IX - Ponto final. Virei a página...


Ainda consigo recordar todos os pormenores daquele domingo:

Quando voltei a ligar o telemóvel, despertei no mundo real. As mensagens denunciavam tentativas de contacto, preocupações, almoços em que não estive presente. A chuva continuava a cair e pedi a conta.

Estava sozinha no restaurante há cerca de uma hora, ou seriam duas? Nem sei, tinha perdido a noção do tempo, da vida, do mundo. Durante esse período apenas existi, não sei bem como. O André tinha saído, depois do “não”, do meu não, com o orgulho esmagado e com um olhar que eu não queria recordar. Simplesmente saiu, sem dizer nada. Por instantes temi que poderia ter ficado algo por dizer, explicações por dar, razões por compreender e que a necessidade de outro encontro se impusesse. Depois percebi que a história, que a nossa história, minha e do André, juntos, com tanta paixão, sorrisos e felicidade, contrariados por despeito, lágrimas e angústia, tinha chegado ao final e chorei, sozinha.
Os empregados foram suficientemente discretos e aguardavam um sinal meu, que tardou, e nesse espaço de tempo que não sei precisar e onde apenas existi, deixei-me levar para bem longe pelo meu pensamento e cheirei, senti e saboreei cada momento que tinha vivido com o André.

Comecei a responder às mensagens, a conta não chegava e eu estava a começar a ficar impaciente. Depois lembrei-me que não tínhamos comido nada, havia um chá na mesa e...o anel! O anel do meu noivado, que eu não queria meu! Guardei-o na carteira e pensei que talvez um dia, mais tarde, escrevesse ao André e com essas palavras devolveria o Anel. Não me preocupei mais, ainda tinha que passar algum tempo.

Paguei o chá e saí. De regresso a Lisboa, pela A5, a chuva intensificava-se e eu queria chegar depressa a casa. A música não ajudava e escolhi uma frequência que bombardeasse a minha cabeça com informação e o André começou a diluir-se no meu pensamento. Permanecia apenas e ainda, e penso que para sempre, o porquê da tentativa de uma conquista impulsiva, uma espécie de última cartada, mas que implicava uma decisão para toda a vida.

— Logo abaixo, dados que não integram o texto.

(* Let $\Delta^m$ be the last matrix produced by the Incremental Sweeping Algorithm applied to a connection matrix $\Delta\in\mathbb F^{m\times m}$. Then every entry of $\Delta^m$ at a primary pivot position is nonzero, and every nonzero entry of $\Delta^m$ either is at a primary pivot position or lies strictly above the unique primary pivot position of its column. In particular every column of $\Delta^m$ containing no primary pivot is zero.
   Context: Throughout, $\mathbb F$ is a field and $m\ge1$. $U^{pq}$ is the $m\times m$ matrix whose only nonzero entry is a $1$ in position $(p,q)$. Superscripts on matrices are indices, not powers. A connection matrix (over $\mathbb F$) is a matrix $\Delta\in\mathbb F^{m\times m}$ together with a partition $\{1,\dots,m\}=J_0\sqcup\cdots\sqcup J_b$ (the column/row partition; the $J_k$ need not consist of consecutive integers) such that $\Delta$ is upper triangular, $\Delta\Delta=0$, and $\Delta_{ij}=0$ unless $i<j$ and $(i,j)\in\bigcup_{k=1}^bJ_{k-1}\times J_k$. For $1\le r\le m-1$ the $r$-th diagonal is $\{(j-r,j):r<j\le m\}$. Incremental Sweeping Algorithm (ISA) applied to a connection matrix $\Delta$: set $\Delta^0=\Delta^1=\Delta$. For $r=1,\dots,m-1$ in turn: (Markup) for every position $(j-r,j)$ on the $r$-th diagonal with $\Delta^r_{j-r,j}\ne0$ such that no position in column $j$ was marked as a primary pivot at an earlier iteration: if some position $(j-r,p)$ of row $j-r$ was marked as a primary pivot at an earlier iteration, mark $(j-r,j)$ as a change-of-basis pivot of iteration $r$; otherwise mark $(j-r,j)$ permanently as a primary pivot (marked at iteration $r$). (Update) Let $T^r=I-\sum \frac{\Delta^r_{j-r,j}}{\Delta^r_{j-r,p}}U^{pj}$, the sum running over all change-of-basis pivots $(j-r,j)$ of iteration $r$, where $(j-r,p)$ is the primary pivot position in row $j-r$; set $\Delta^{r+1}=(T^r)^{-1}\Delta^rT^r$. The primary pivots of $\Delta^m$ are all positions marked as primary pivots at iterations $1,\dots,m-1$. *)

From HB Require Import structures.
From mathcomp Require Import all_boot all_order all_algebra.
Set Implicit Arguments. Unset Strict Implicit. Unset Printing Implicit Defensive.
Import GRing.Theory.
Local Open Scope ring_scope.

(* Indices are 0-based: 'I_m = {0,...,m-1}; position (i,j) in the paper is
   (i+1, j+1) here.  The partition J_0 ⊔ ... ⊔ J_b is encoded by the function
   deg : 'I_m -> nat with deg i = k iff i ∈ J_k, and bound b. *)

Definition is_connection_matrix (F : fieldType) (m b : nat)
    (deg : 'I_m -> nat) (D : 'M[F]_m) : Prop :=
  [/\ forall i, (deg i <= b)%N,
      forall i j : 'I_m, (j < i)%N -> D i j = 0,
      D *m D = 0 &
      forall i j : 'I_m, D i j != 0 ->
        (i < j)%N /\ (1 <= deg j <= b)%N /\ deg i = (deg j).-1 ].

(* State of the ISA: current matrix Δ^r and the set of positions marked as
   primary pivots so far. *)
Section ISA.
Variables (F : fieldType) (m : nat).

Definition isa_cand (r : nat) (D : 'M[F]_m) (P : {set 'I_m * 'I_m})
    (i j : 'I_m) : bool :=
  [&& (nat_of_ord j == i + r)%N, D i j != 0 & [forall k, (k, j) \notin P]].

Definition has_row_piv (P : {set 'I_m * 'I_m}) (i : 'I_m) : bool :=
  [exists p, (i, p) \in P].

Definition row_piv (P : {set 'I_m * 'I_m}) (i : 'I_m) : 'I_m :=
  odflt i [pick p | (i, p) \in P].

Definition cob_pivots r D P : {set 'I_m * 'I_m} :=
  [set x | isa_cand r D P x.1 x.2 && has_row_piv P x.1].

Definition new_primary r D P : {set 'I_m * 'I_m} :=
  [set x | isa_cand r D P x.1 x.2 && ~~ has_row_piv P x.1].

Definition isa_T r (D : 'M[F]_m) P : 'M[F]_m :=
  1%:M - \sum_(x in cob_pivots r D P)
           (D x.1 x.2 / D x.1 (row_piv P x.1)) *: delta_mx (row_piv P x.1) x.2.

Definition isa_step r (s : 'M[F]_m * {set 'I_m * 'I_m}) :
    'M[F]_m * {set 'I_m * 'I_m} :=
  let: (D, P) := s in
  let T := isa_T r D P in
  (invmx T *m D *m T, P :|: new_primary r D P).

(* isa D n = (Δ^{n+1}, primary pivots marked at iterations 1..n) *)
Fixpoint isa (D : 'M[F]_m) (n : nat) : 'M[F]_m * {set 'I_m * 'I_m} :=
  match n with
  | 0 => (D, set0)
  | n'.+1 => isa_step n'.+1 (isa D n')
  end.

Definition isa_final (D : 'M[F]_m) : 'M[F]_m := (isa D m.-1).1.
Definition isa_primary (D : 'M[F]_m) : {set 'I_m * 'I_m} := (isa D m.-1).2.

End ISA.

From HB Require Import structures.
From mathcomp Require Import all_boot all_order all_algebra.
From mathcomp Require Import zify.
Set Implicit Arguments. Unset Strict Implicit.
Import GRing.Theory.
Local Open Scope ring_scope.

(* The ISA maintains a loop invariant: after n iterations every primary pivot
   lies on one of the diagonals 1..n, is nonzero and is the only primary pivot
   of its column, and every nonzero entry on the diagonals 1..n lies weakly
   above a primary pivot of its column.  At iteration r = n+1 the matrix T^r
   is 1 - N with N^2 = 0, so the step is D |-> (1 + N) D (1 - N): right
   multiplication by 1 - N clears each column carrying a change-of-basis pivot
   from that pivot downwards, and left multiplication by 1 + N only adds lower
   rows to higher ones, so it cannot create nonzero entries below the lowest
   nonzero entry of a column.  After m - 1 iterations the invariant covers
   every entry. *)

Lemma invmx_1B_sqr0 (R : comUnitRingType) k (N : 'M[R]_k) :
  N *m N = 0 -> invmx (1%:M - N) = 1%:M + N.
Proof.
move=> NN0; have E : (1%:M - N) *m (1%:M + N) = 1%:M.
  by rewrite mulmxDr mulmx1 mulmxBl mul1mx NN0 subr0 addrAC addrK.
have [U _] := mulmx1_unit E.
by have := mulKmx U (1%:M + N); rewrite E mulmx1.
Qed.

Section Invariant.
Variables (F : fieldType) (m : nat).
Implicit Types (D : 'M[F]_m) (P : {set 'I_m * 'I_m}).

Record isa_invariant n D P : Prop := IsaInvariant {
  pivot_bounds i p :
    (i, p) \in P -> [/\ (i < p)%N, (p <= i + n)%N & D i p != 0];
  pivot_col_uniq i i' p : (i, p) \in P -> (i', p) \in P -> i = i';
  pivot_cover (x y : 'I_m) : (y <= x + n)%N -> D x y != 0 ->
    exists2 k, (k, y) \in P & (x <= k)%N }.

Lemma row_pivP P i : has_row_piv P i -> (i, row_piv P i) \in P.
Proof.
rewrite /row_piv; case: pickP => [p Hp|H] //=.
by move/existsP => [p Hp]; rewrite H in Hp.
Qed.

Lemma isa_invariant0 D : (forall i j, D i j != 0 -> (i < j)%N) ->
  isa_invariant 0 D set0.
Proof.
move=> Dup; split=> [i p|i i' p|x y xy /Dup]; rewrite ?in_set0 //; lia.
Qed.

Section Step.
Variables (D : 'M[F]_m) (P : {set 'I_m * 'I_m}) (n : nat).
Hypothesis inv : isa_invariant n D P.

Local Notation r := n.+1.
Local Notation C := (cob_pivots r D P).
Local Notation Nw := (new_primary r D P).
Local Notation rp := (row_piv P).

Lemma D_eq0_below (y z : 'I_m) :
  (y <= z + n)%N -> (forall k, (k, y) \in P -> (k < z)%N) -> D z y = 0.
Proof.
move=> yz below; apply/eqP; apply: contraT => /(pivot_cover inv yz) [k kP zk].
by have := below k kP; lia.
Qed.

Lemma cob_pivotP i j : (i, j) \in C ->
  [/\ nat_of_ord j = (i + r)%N, D i j != 0, forall k, (k, j) \notin P
    & (i, rp i) \in P].
Proof.
rewrite inE /= /isa_cand => /andP [/and3P [/eqP -> -> /forallP H] Hr].
by split => //; exact: row_pivP.
Qed.

Lemma new_primaryP i j : (i, j) \in Nw ->
  [/\ nat_of_ord j = (i + r)%N, D i j != 0, forall k, (k, j) \notin P
    & ~~ has_row_piv P i].
Proof.
by rewrite inE /= /isa_cand => /andP [/and3P [/eqP -> -> /forallP H] Hr].
Qed.

Lemma cob_pivot_row i j : (i, j) \in C ->
  [/\ (i < rp i)%N, (rp i <= i + n)%N, D i (rp i) != 0 & (rp i < j)%N].
Proof.
case/cob_pivotP => Hj _ _ /(pivot_bounds inv) [h1 h2 h3]; split => //; lia.
Qed.

Lemma cob_pivot_col_uniq i i' j : (i, j) \in C -> (i', j) \in C -> i = i'.
Proof.
case/cob_pivotP => h1 _ _ _ /cob_pivotP [h2 _ _ _].
by apply: val_inj => /=; lia.
Qed.

Let c (x : 'I_m * 'I_m) := D x.1 x.2 / D x.1 (rp x.1).
Let N : 'M[F]_m := \sum_(x in C) c x *: delta_mx (rp x.1) x.2.

Lemma N_entry a b :
  N a b = \sum_(x in C) c x * ((a == rp x.1) && (b == x.2))%:R.
Proof. by rewrite /N summxE; apply: eq_bigr => x _; rewrite !mxE. Qed.

Lemma N_entry_nz a b : N a b != 0 -> exists2 i, (i, b) \in C & a = rp i.
Proof.
rewrite N_entry => Nab.
case: (pickP [pred x | (x \in C) && ((a == rp x.1) && (b == x.2))]) => [x|none].
  by case/andP=> xC /andP [/eqP -> /eqP ->]; exists x.1; case: x xC.
rewrite big1 ?eqxx // in Nab => x xC; have := none x; rewrite /= xC /= => ->.
by rewrite mulr0.
Qed.

Lemma N_entry_cob i b : (i, b) \in C -> N (rp i) b = c (i, b).
Proof.
move=> iC; rewrite N_entry (bigD1 (i, b)) //= !eqxx mulr1 big1 ?addr0 //.
move=> [x1 x2] /andP [xC xne] /=.
have [/andP [_ /eqP eb]|_] := boolP ((rp i == rp x1) && (b == x2));
  last by rewrite mulr0.
by subst x2; rewrite (cob_pivot_col_uniq iC xC) eqxx in xne.
Qed.

Lemma N_upper a b : N a b != 0 -> (a < b)%N.
Proof. by case/N_entry_nz => i /cob_pivot_row [] _ _ _ + ->. Qed.

(* Rows of N are pivot columns of P, columns of N are change-of-basis
   columns, and the latter carry no primary pivot. *)
Lemma N_sqr0 : N *m N = 0.
Proof.
apply/matrixP => a b; rewrite !mxE big1 // => z _.
have [->|Naz] := eqVneq (N a z) 0; first by rewrite mul0r.
have [->|Nzb] := eqVneq (N z b) 0; first by rewrite mulr0.
have [i /cob_pivotP [_ _ noP _] _] := N_entry_nz Naz.
have [i' /cob_pivotP [_ _ _ i'P] ez] := N_entry_nz Nzb.
by have := noP i'; rewrite ez i'P.
Qed.

Let M := D *m (1%:M - N).
Let D' := (1%:M + N) *m M.

Lemma isa_step_mx : (isa_step r (D, P)).1 = D'.
Proof.
by rewrite /= [isa_T _ _ _]/= invmx_1B_sqr0 ?N_sqr0 // /D' /M mulmxA.
Qed.

Lemma M_nocob y : (forall i, (i, y) \notin C) -> forall z, M z y = D z y.
Proof.
move=> nocob z; rewrite /M mulmxBr mulmx1 !mxE big1 ?subr0 // => w _.
have [->|Nwy] := eqVneq (N w y) 0; first by rewrite mulr0.
by have [i iC _] := N_entry_nz Nwy; have := nocob i; rewrite iC.
Qed.

Lemma M_cob i y : (i, y) \in C -> forall z : 'I_m, (i <= z)%N -> M z y = 0.
Proof.
move=> iC; have [yE _ noP iP] := cob_pivotP iC.
have [_ rpn Dirp _] := cob_pivot_row iC.
have ME z : M z y = D z y - c (i, y) * D z (rp i).
  rewrite /M mulmxBr mulmx1 !mxE (bigD1 (rp i)) //= N_entry_cob //.
  rewrite big1 ?addr0 ?(mulrC (c _)) // => w wne.
  have [->|Nwy] := eqVneq (N w y) 0; first by rewrite mulr0.
  have [i' i'C ew] := N_entry_nz Nwy.
  by rewrite ew (cob_pivot_col_uniq iC i'C) eqxx in wne.
move=> z; rewrite leq_eqVlt => /orP [/eqP/val_inj <- | iz].
  by rewrite ME /c /= divfK // subrr.
have Dzy : D z y = 0.
  by apply: D_eq0_below => [|k]; [lia | rewrite (negbTE (noP k))].
have Dzrp : D z (rp i) = 0.
  by apply: D_eq0_below => [|k /(pivot_col_uniq inv iP) <-]; lia.
by rewrite ME Dzy Dzrp mulr0 subrr.
Qed.

Lemma D'_entry_low (x y : 'I_m) :
  (forall z : 'I_m, (x < z)%N -> M z y = 0) -> D' x y = M x y.
Proof.
move=> low; rewrite /D' mulmxDl mul1mx mxE [X in _ + X]mxE.
rewrite big1 ?addr0 // => z _.
have [->|Nxz] := eqVneq (N x z) 0; first by rewrite mul0r.
by rewrite low ?mulr0 // N_upper.
Qed.

Lemma D'_entry_nz (x y : 'I_m) :
  D' x y != 0 -> exists2 z : 'I_m, (x <= z)%N & M z y != 0.
Proof.
move=> D'xy.
case: (pickP [pred z : 'I_m | (x < z)%N && (M z y != 0)]) =>
  [z /andP [xz Mzy] | none].
  by exists z => //; apply: ltnW.
exists x => //; rewrite -D'_entry_low // => z xz.
by have := none z; rewrite /= xz /= => /negbFE/eqP.
Qed.

Lemma pivot_col_nocob k y : (k, y) \in P :|: Nw -> forall i, (i, y) \notin C.
Proof.
move=> kPN i; apply/negP => iC; have [yE _ noP iP] := cob_pivotP iC.
case/setUP: kPN => [kP|/new_primaryP [yE' _ _ norow]].
  by have := noP k; rewrite kP.
have ki : k = i by apply: val_inj => /=; lia.
by subst k; case/negP: norow; apply/existsP; exists (rp i).
Qed.

Lemma pivot_lowest i p (z : 'I_m) :
  (i, p) \in P :|: Nw -> (i < z)%N -> D z p = 0.
Proof.
case/setUP => [iP|/new_primaryP [pE _ noP _]] iz; apply: D_eq0_below.
- by have [_ + _] := pivot_bounds inv iP; lia.
- by move=> k /(pivot_col_uniq inv iP) <-.
- lia.
- by move=> k; rewrite (negbTE (noP k)).
Qed.

Lemma step_pivots (i p : 'I_m) : (i, p) \in P :|: Nw ->
  [/\ (i < p)%N, (p <= i + r)%N & D' i p != 0].
Proof.
move=> iPN; have nocob := pivot_col_nocob iPN.
have -> : D' i p = D i p.
  rewrite D'_entry_low ?(M_nocob nocob) // => z iz.
  by rewrite (M_nocob nocob) (pivot_lowest iPN).
case/setUP: iPN => [/(pivot_bounds inv) [] | /new_primaryP [pE Dip _ _]];
  split => //; lia.
Qed.

Lemma step_pivot_col_uniq i i' p :
  (i, p) \in P :|: Nw -> (i', p) \in P :|: Nw -> i = i'.
Proof.
case/setUP => [iP | /new_primaryP [pE _ noP _]]
  /setUP [i'P | /new_primaryP [pE' _ noP' _]].
- exact: (pivot_col_uniq inv iP i'P).
- by have := noP' i; rewrite iP.
- by have := noP i'; rewrite i'P.
- by apply: val_inj => /=; lia.
Qed.

Lemma extend_pivot (z y : 'I_m) :
  (forall i, (i, y) \notin C) -> (y <= z + r)%N -> D z y != 0 ->
  exists2 k, (k, y) \in P :|: Nw & (z <= k)%N.
Proof.
move=> nocob yz Dzy.
have [yzn|zny] := leqP y (z + n).
  by have [k kP zk] := pivot_cover inv yzn Dzy; exists k; rewrite ?inE ?kP.
case: (boolP [exists k, (k, y) \in P]) => [/existsP [k kP] | /existsPn noP].
  by exists k; [rewrite inE kP | have [_ + _] := pivot_bounds inv kP; lia].
have cand : isa_cand r D P z y.
  rewrite /isa_cand Dzy /=; apply/andP.
  by split; [apply/eqP; lia | apply/forallP].
exists z => //; apply/setUP; right; rewrite inE /= cand /=.
by apply: contraNN (nocob z) => row; rewrite inE /= cand.
Qed.

Lemma step_cover (x y : 'I_m) : (y <= x + r)%N -> D' x y != 0 ->
  exists2 k, (k, y) \in P :|: Nw & (x <= k)%N.
Proof.
move=> yx D'xy.
case: (boolP [exists i, (i, y) \in C]) => [/existsP [i iC] | /existsPn nocob].
  have [yE _ _ _] := cob_pivotP iC.
  move: D'xy; rewrite D'_entry_low ?(M_cob iC) ?eqxx //; first lia.
  by move=> z xz; apply: (M_cob iC); lia.
have [z xz] := D'_entry_nz D'xy; rewrite M_nocob // => Dzy.
have [|k kPN zk] := extend_pivot nocob _ Dzy; first lia.
by exists k => //; apply: leq_trans zk.
Qed.

Lemma isa_step_invariant :
  isa_invariant r (isa_step r (D, P)).1 (isa_step r (D, P)).2.
Proof.
by rewrite isa_step_mx; split; [exact: step_pivots|exact: step_pivot_col_uniq|
  exact: step_cover].
Qed.

End Step.

Lemma isa_invariant_iter D : (forall i j, D i j != 0 -> (i < j)%N) ->
  forall n, isa_invariant n (isa D n).1 (isa D n).2.
Proof.
move=> Dup; elim=> [|n IH]; first exact: isa_invariant0.
by move: IH => /=; case: (isa D n) => D0 P0; exact: isa_step_invariant.
Qed.

End Invariant.

Theorem mainTheorem3 (F : fieldType) (m b : nat) (deg : 'I_m -> nat)
    (D : 'M[F]_m) :
  (0 < m)%N ->
  is_connection_matrix b deg D ->
  let Dm := isa_final D in
  let P := isa_primary D in
  [/\ (forall i j, (i, j) \in P -> Dm i j != 0),
      (forall i j, Dm i j != 0 ->
         (i, j) \in P \/
         exists k, [/\ (k, j) \in P, (i < k)%N &
                       forall k', (k', j) \in P -> k' = k]) &
      (forall j, (forall k, (k, j) \notin P) -> forall i, Dm i j = 0)].
Proof.
move=> _ [_ _ _ Dsupp] Dm P.
have Dup (i j : 'I_m) : D i j != 0 -> (i < j)%N by case/Dsupp.
have [pivots col_uniq cover] := isa_invariant_iter Dup m.-1.
have all_diag (i j : 'I_m) : (j <= i + m.-1)%N by have := ltn_ord j; lia.
split=> [i j /pivots [] // | i j /(cover _ _ (all_diag i j)) [k kP ik] |].
- have [ki|ne] := eqVneq k i; first by left; rewrite -ki.
  right; exists k; split=> // [|k' /col_uniq]; last exact.
  by rewrite ltn_neqAle ik andbT; apply: contraNneq ne => /val_inj ->.
- move=> j noP i; apply/eqP; apply: contraT.
  move=> /(cover _ _ (all_diag i j)) [k kP _].
  by have := noP k; rewrite kP.
Qed.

Deixei de ouvir o rádio e até chegar a casa, pensei: o passado não se anula, interioriza-se, recorda-se e serve, sobretudo, para se aprender a não cometer os mesmos erros e a nossa história já tinha demasiados. A felicidade não se encontra na repetição de actos insensatos, mesmo que na procura de momentos inesquecíveis, encontra-se no equilíbrio, na estabilidade e na harmonia constantes de um relacionamento. Tive o meu futuro nas mãos e tomei uma decisão. Não poderia viver o resto dos meus dias ou grande parte deles influenciada apenas por um acto romântico.

Ponto final. Virei a página...

Estacionei o carro na garagem. Continuava a chover, mas decidi ir à pastelaria mais próxima comer qualquer coisa. Ao sair do prédio deparei com ”qualquer coisa” à entrada, demasiado enrolada e escura para perceber de imediato o que era. Aproximei-me e “a coisa” levantou a cabeça e dirigiu-me o olhar mais meigo e suplicante que alguma vez olhou para mim. Um cão (ou cadela). Ainda não sabia. Mas não hesitei nem por um momento e levei-o para casa.

Não tinha coleira, estava muito mal tratado e magro. Tentei examiná-lo e percebi que tinha uma pata traseira ferida, mal se aguentava de pé. O pelo, todo preto, estava num verdadeiro desalinho. Levei-o ao veterinário, salvei-lhe a vida e fiquei a saber que teria cerca de dois anos. Na zona, ninguém o reclamou.
Ainda me lembro de como aquele olhar despertou em mim uma força para viver, para vivermos, os dois, e chamei-lhe Zoya, Vida, em Russo.